* [MATERIAL PROVIDED]:
(* Let $\Gamma$ be a NoEff typing context, $\mathit{t},\mathit{t}'$ NoEff terms and $A$ a NoEff type. If $\Gamma \vdash \mathit{t} : A$ and $\mathit{t} \leadsto \mathit{t}'$, then $\Gamma \vdash \mathit{t}' : A$.
   Context: NoEff. Fix a signature $\Sigma$ assigning to each operation $\mathtt{Op}$ two closed well-formed NoEff types, $(\mathtt{Op}:A_1\to A_2)\in\Sigma$. Types $A,B ::= \alpha\mid\mathtt{Unit}\mid A\to B\mid A\Rrightarrow B\mid\mu\Rightarrow A\mid\mathtt{Comp}\,A\mid\forall\alpha.A$; coercion types $\mu ::= A\le B$. Coercions $\gamma ::= \omega\mid\langle\mathtt{Unit}\rangle\mid\langle\alpha\rangle\mid\gamma_1\to\gamma_2\mid\gamma_1\Rrightarrow\gamma_2\mid\mathtt{handToFun}(\gamma_1,\gamma_2)\mid\mathtt{funToHand}(\gamma_1,\gamma_2)\mid\forall\alpha.\gamma\mid\mu\Rightarrow\gamma\mid\mathtt{Comp}\,\gamma\mid\mathtt{return}\,\gamma\mid\mathtt{unsafe}\,\gamma$. Terms $\mathit{t} ::= x\mid\mathtt{unit}\mid\lambda(x{:}A).\mathit{t}\mid\mathit{t}_1\,\mathit{t}_2\mid\Lambda\alpha.\mathit{t}\mid\mathit{t}\,A\mid\Lambda(\omega{:}\mu).\mathit{t}\mid\mathit{t}\,\gamma\mid\mathit{t}\triangleright\gamma\mid\mathtt{return}\,\mathit{t}\mid h\mid\mathtt{let}\,x=\mathit{t}_1\,\mathtt{in}\,\mathit{t}_2\mid\mathtt{Op}\,\mathit{t}_1\,(y{:}B.\mathit{t}_2)\mid\mathtt{do}\,x\leftarrow\mathit{t}_1;\mathit{t}_2\mid\mathtt{with}\,\mathit{t}_h\,\mathtt{handle}\,\mathit{t}_c$; handlers $h ::= \{\mathtt{return}\,(x{:}A)\mapsto\mathit{t}_r,\mathtt{Op}_1\,x\,k\mapsto\mathit{t}_{\mathtt{Op}_1},\dots,\mathtt{Op}_n\,x\,k\mapsto\mathit{t}_{\mathtt{Op}_n}\}$ (distinct $\mathtt{Op}_i$, $\mathcal{O}=\{\mathtt{Op}_i\}$). Contexts $\Gamma ::= \epsilon\mid\Gamma,\alpha\mid\Gamma,x{:}A\mid\Gamma,\omega{:}\mu$; terms up to $\alpha$-equivalence, capture-avoiding substitution. Well-formedness: $\Gamma\vdash\alpha$ if $\alpha\in\Gamma$; $\Gamma\vdash\mathtt{Unit}$; $\Gamma\vdash A\to B$, $\Gamma\vdash A\Rrightarrow B$ if $\Gamma\vdash A$ and $\Gamma\vdash B$; $\Gamma\vdash\mathtt{Comp}\,A$ if $\Gamma\vdash A$; $\Gamma\vdash\forall\alpha.A$ if $\Gamma,\alpha\vdash A$; $\Gamma\vdash\mu\Rightarrow A$ if $\Gamma\vdash\mu$ and $\Gamma\vdash A$; $\Gamma\vdash A\le B$ if $\Gamma\vdash A$ and $\Gamma\vdash B$. Coercion typing $\Gamma\vdash\gamma:\mu$: $\omega:\mu$ if $(\omega{:}\mu)\in\Gamma$; $\langle\mathtt{Unit}\rangle:\mathtt{Unit}\le\mathtt{Unit}$; $\langle\alpha\rangle:\alpha\le\alpha$ if $\alpha\in\Gamma$; $\gamma_1\to\gamma_2:(A_1\to B_1)\le(A_2\to B_2)$ if $\gamma_1:A_2\le A_1$, $\gamma_2:B_1\le B_2$; $\gamma_1\Rrightarrow\gamma_2:(A_1\Rrightarrow B_1)\le(A_2\Rrightarrow B_2)$ if $\gamma_1:\mathtt{Comp}\,A_2\le\mathtt{Comp}\,A_1$, $\gamma_2:\mathtt{Comp}\,B_1\le\mathtt{Comp}\,B_2$; $\mathtt{handToFun}(\gamma_1,\gamma_2):(A_1\Rrightarrow B_1)\le(A_2\to B_2)$ if $\gamma_1:A_2\le A_1$, $\gamma_2:\mathtt{Comp}\,B_1\le B_2$; $\mathtt{funToHand}(\gamma_1,\gamma_2):(A_1\to B_1)\le(A_2\Rrightarrow B_2)$ if $\gamma_1:A_2\le A_1$, $\gamma_2:B_1\le\mathtt{Comp}\,B_2$; $\forall\alpha.\gamma:\forall\alpha.A\le\forall\alpha.B$ if $\Gamma,\alpha\vdash\gamma:A\le B$; $\mu\Rightarrow\gamma:(\mu\Rightarrow A)\le(\mu\Rightarrow B)$ if $\Gamma\vdash\mu$, $\gamma:A\le B$; $\mathtt{Comp}\,\gamma:\mathtt{Comp}\,A_1\le\mathtt{Comp}\,A_2$ if $\gamma:A_1\le A_2$; $\mathtt{return}\,\gamma:A_1\le\mathtt{Comp}\,A_2$ if $\gamma:A_1\le A_2$; $\mathtt{unsafe}\,\gamma:\mathtt{Comp}\,A_1\le A_2$ if $\gamma:A_1\le A_2$. Term typing $\Gamma\vdash\mathit{t}:A$: $x:A$ if $(x{:}A)\in\Gamma$; $\mathtt{unit}:\mathtt{Unit}$; $\lambda(x{:}A).\mathit{t}:A\to B$ if $\Gamma\vdash A$ and $\Gamma,x{:}A\vdash\mathit{t}:B$; $\Lambda\alpha.\mathit{t}:\forall\alpha.A$ if $\Gamma,\alpha\vdash\mathit{t}:A$; $\mathit{t}\,A:B[A/\alpha]$ if $\Gamma\vdash A$ and $\mathit{t}:\forall\alpha.B$; $\mathit{t}\triangleright\gamma:B$ if $\mathit{t}:A$ and $\gamma:A\le B$; $h:A\Rrightarrow B$ if $\Gamma,x{:}A\vdash\mathit{t}_r:\mathtt{Comp}\,B$ and for each $\mathtt{Op}\in\mathcal{O}$, $(\mathtt{Op}:A_1\to A_2)\in\Sigma$ and $\Gamma,x{:}A_1,k{:}A_2\to\mathtt{Comp}\,B\vdash\mathit{t}_{\mathtt{Op}}:\mathtt{Comp}\,B$; $\Lambda(\omega{:}\mu).\mathit{t}:\mu\Rightarrow A$ if $\Gamma\vdash\mu$ and $\Gamma,\omega{:}\mu\vdash\mathit{t}:A$; $\mathit{t}\,\gamma:A$ if $\mathit{t}:\mu\Rightarrow A$, $\gamma:\mu$; $\mathit{t}_1\,\mathit{t}_2:B$ if $\mathit{t}_1:A\to B$, $\mathit{t}_2:A$; $\mathtt{let}\,x=\mathit{t}_1\,\mathtt{in}\,\mathit{t}_2:B$ if $\mathit{t}_1:A$, $\Gamma,x{:}A\vdash\mathit{t}_2:B$; $\mathtt{return}\,\mathit{t}:\mathtt{Comp}\,A$ if $\mathit{t}:A$; $\mathtt{Op}\,\mathit{t}_1\,(y{:}A_2.\mathit{t}_2):\mathtt{Comp}\,B$ if $(\mathtt{Op}:A_1\to A_2)\in\Sigma$, $\mathit{t}_1:A_1$, $\Gamma,y{:}A_2\vdash\mathit{t}_2:\mathtt{Comp}\,B$; $\mathtt{do}\,x\leftarrow\mathit{t}_1;\mathit{t}_2:\mathtt{Comp}\,B$ if $\mathit{t}_1:\mathtt{Comp}\,A$, $\Gamma,x{:}A\vdash\mathit{t}_2:\mathtt{Comp}\,B$; $\mathtt{with}\,\mathit{t}_h\,\mathtt{handle}\,\mathit{t}_c:\mathtt{Comp}\,B$ if $\mathit{t}_h:A\Rrightarrow B$, $\mathit{t}_c:\mathtt{Comp}\,A$. Values $\mathit{t}^R ::= \mathtt{unit}\mid h\mid\lambda(x{:}A).\mathit{t}\mid\Lambda\alpha.\mathit{t}\mid\Lambda(\omega{:}\mu).\mathit{t}\mid\mathit{t}^R\triangleright(\gamma_1\to\gamma_2)\mid\mathit{t}^R\triangleright(\gamma_1\Rrightarrow\gamma_2)\mid\mathit{t}^R\triangleright\mathtt{handToFun}(\gamma_1,\gamma_2)\mid\mathit{t}^R\triangleright\mathtt{funToHand}(\gamma_1,\gamma_2)\mid\mathit{t}^R\triangleright\forall\alpha.\gamma\mid\mathit{t}^R\triangleright(\mu\Rightarrow\gamma)\mid\mathtt{return}\,\mathit{t}^R\mid\mathtt{Op}\,\mathit{t}^R\,(y{:}A.\mathit{t})$. Step relation $\mathit{t}\leadsto\mathit{t}'$: congruences — if $\mathit{t}\leadsto\mathit{t}'$ then it steps in the positions $\square\,\mathit{t}_2$, $\mathit{t}^R\,\square$, $\square\,A$, $\square\,\gamma$, $\mathtt{let}\,x=\square\,\mathtt{in}\,\mathit{t}_2$, $\mathtt{return}\,\square$, $\mathtt{Op}\,\square\,(y{:}B.\mathit{t}_2)$, $\mathtt{do}\,x\leftarrow\square;\mathit{t}_2$, $\mathtt{with}\,\square\,\mathtt{handle}\,\mathit{t}_c$, $\mathtt{with}\,\mathit{t}^R_h\,\mathtt{handle}\,\square$, $\square\triangleright\gamma$. Reductions: $(\lambda(x{:}A).\mathit{t})\,\mathit{t}^R\leadsto\mathit{t}[\mathit{t}^R/x]$; $(\Lambda\alpha.\mathit{t})\,A\leadsto\mathit{t}[A/\alpha]$; $(\Lambda(\omega{:}\mu).\mathit{t})\,\gamma\leadsto\mathit{t}[\gamma/\omega]$; $\mathtt{let}\,x=\mathit{t}^R\,\mathtt{in}\,\mathit{t}\leadsto\mathit{t}[\mathit{t}^R/x]$; $\mathtt{do}\,x\leftarrow\mathtt{return}\,\mathit{t}^R;\mathit{t}\leadsto\mathit{t}[\mathit{t}^R/x]$; $\mathtt{do}\,x\leftarrow\mathtt{Op}\,\mathit{t}^R\,(y{:}A.\mathit{t}_1);\mathit{t}_2\leadsto\mathtt{Op}\,\mathit{t}^R\,(y{:}A.\,\mathtt{do}\,x\leftarrow\mathit{t}_1;\mathit{t}_2)$; $\mathtt{with}\,h\,\mathtt{handle}\,(\mathtt{return}\,\mathit{t}^R)\leadsto\mathit{t}_r[\mathit{t}^R/x]$; $\mathtt{with}\,h\,\mathtt{handle}\,(\mathtt{Op}\,\mathit{t}^R\,(y{:}B.\mathit{t}))\leadsto\mathit{t}_{\mathtt{Op}}[\mathit{t}^R/x,(\lambda(y{:}B).\mathtt{with}\,h\,\mathtt{handle}\,\mathit{t})/k]$ if $h$ has clause $\mathtt{Op}\,x\,k\mapsto\mathit{t}_{\mathtt{Op}}$, else $\leadsto\mathtt{Op}\,\mathit{t}^R\,(y{:}B.\,\mathtt{with}\,h\,\mathtt{handle}\,\mathit{t})$; $\mathit{t}^R\triangleright\langle\mathtt{Unit}\rangle\leadsto\mathit{t}^R$; $(\mathtt{return}\,\mathit{t}^R)\triangleright\mathtt{Comp}\,\gamma\leadsto\mathtt{return}\,(\mathit{t}^R\triangleright\gamma)$; $(\mathtt{Op}\,\mathit{t}^R\,(y{:}B.\mathit{t}))\triangleright\mathtt{Comp}\,\gamma\leadsto\mathtt{Op}\,\mathit{t}^R\,(y{:}B.\,\mathit{t}\triangleright\mathtt{Comp}\,\gamma)$; $\mathit{t}^R\triangleright\mathtt{return}\,\gamma\leadsto\mathtt{return}\,(\mathit{t}^R\triangleright\gamma)$; $(\mathtt{return}\,\mathit{t}^R)\triangleright\mathtt{unsafe}\,\gamma\leadsto\mathit{t}^R\triangleright\gamma$; $(\mathit{t}^R\triangleright(\gamma_1\to\gamma_2))\,\mathit{t}\leadsto(\mathit{t}^R\,(\mathit{t}\triangleright\gamma_1))\triangleright\gamma_2$; $\mathtt{with}\,(\mathit{t}^R_2\triangleright(\gamma_1\Rrightarrow\gamma_2))\,\mathtt{handle}\,\mathit{t}^R_1\leadsto(\mathtt{with}\,\mathit{t}^R_2\,\mathtt{handle}\,(\mathit{t}^R_1\triangleright\gamma_1))\triangleright\gamma_2$; $(\mathit{t}^R_1\triangleright\mathtt{handToFun}(\gamma_1,\gamma_2))\,\mathit{t}^R_2\leadsto(\mathtt{with}\,\mathit{t}^R_1\,\mathtt{handle}\,(\mathtt{return}\,(\mathit{t}^R_2\triangleright\gamma_1)))\triangleright\gamma_2$; $\mathtt{with}\,(\mathit{t}^R_2\triangleright\mathtt{funToHand}(\gamma_1,\gamma_2))\,\mathtt{handle}\,(\mathtt{Op}\,\mathit{t}^R_1\,(y{:}B.\mathit{t}))\leadsto\mathtt{Op}\,\mathit{t}^R_1\,(y{:}B.\,\mathtt{with}\,(\mathit{t}^R_2\triangleright\mathtt{funToHand}(\gamma_1,\gamma_2))\,\mathtt{handle}\,\mathit{t})$; $\mathtt{with}\,(\mathit{t}^R_2\triangleright\mathtt{funToHand}(\gamma_1,\gamma_2))\,\mathtt{handle}\,(\mathtt{return}\,\mathit{t}^R_1)\leadsto(\mathit{t}^R_2\,(\mathit{t}^R_1\triangleright\gamma_1))\triangleright\gamma_2$; $(\mathit{t}^R\triangleright\forall\alpha.\gamma)\,A\leadsto(\mathit{t}^R\,A)\triangleright\gamma[A/\alpha]$; $(\mathit{t}^R\triangleright(\mu\Rightarrow\gamma_1))\,\gamma_2\leadsto(\mathit{t}^R\,\gamma_2)\triangleright\gamma_1$. *)

From mathcomp Require Import all_boot.
Set Implicit Arguments. Unset Strict Implicit. Unset Printing Implicit Defensive.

* [EXERCISE GOAL]: What you return must match, line for line, the data from the line containing "From mathcomp Require Import all_boot." to its end, both ends included.

* [RESULT OF THIS EXERCISE]:
From mathcomp Require Import all_boot.
Set Implicit Arguments. Unset Strict Implicit. Unset Printing Implicit Defensive.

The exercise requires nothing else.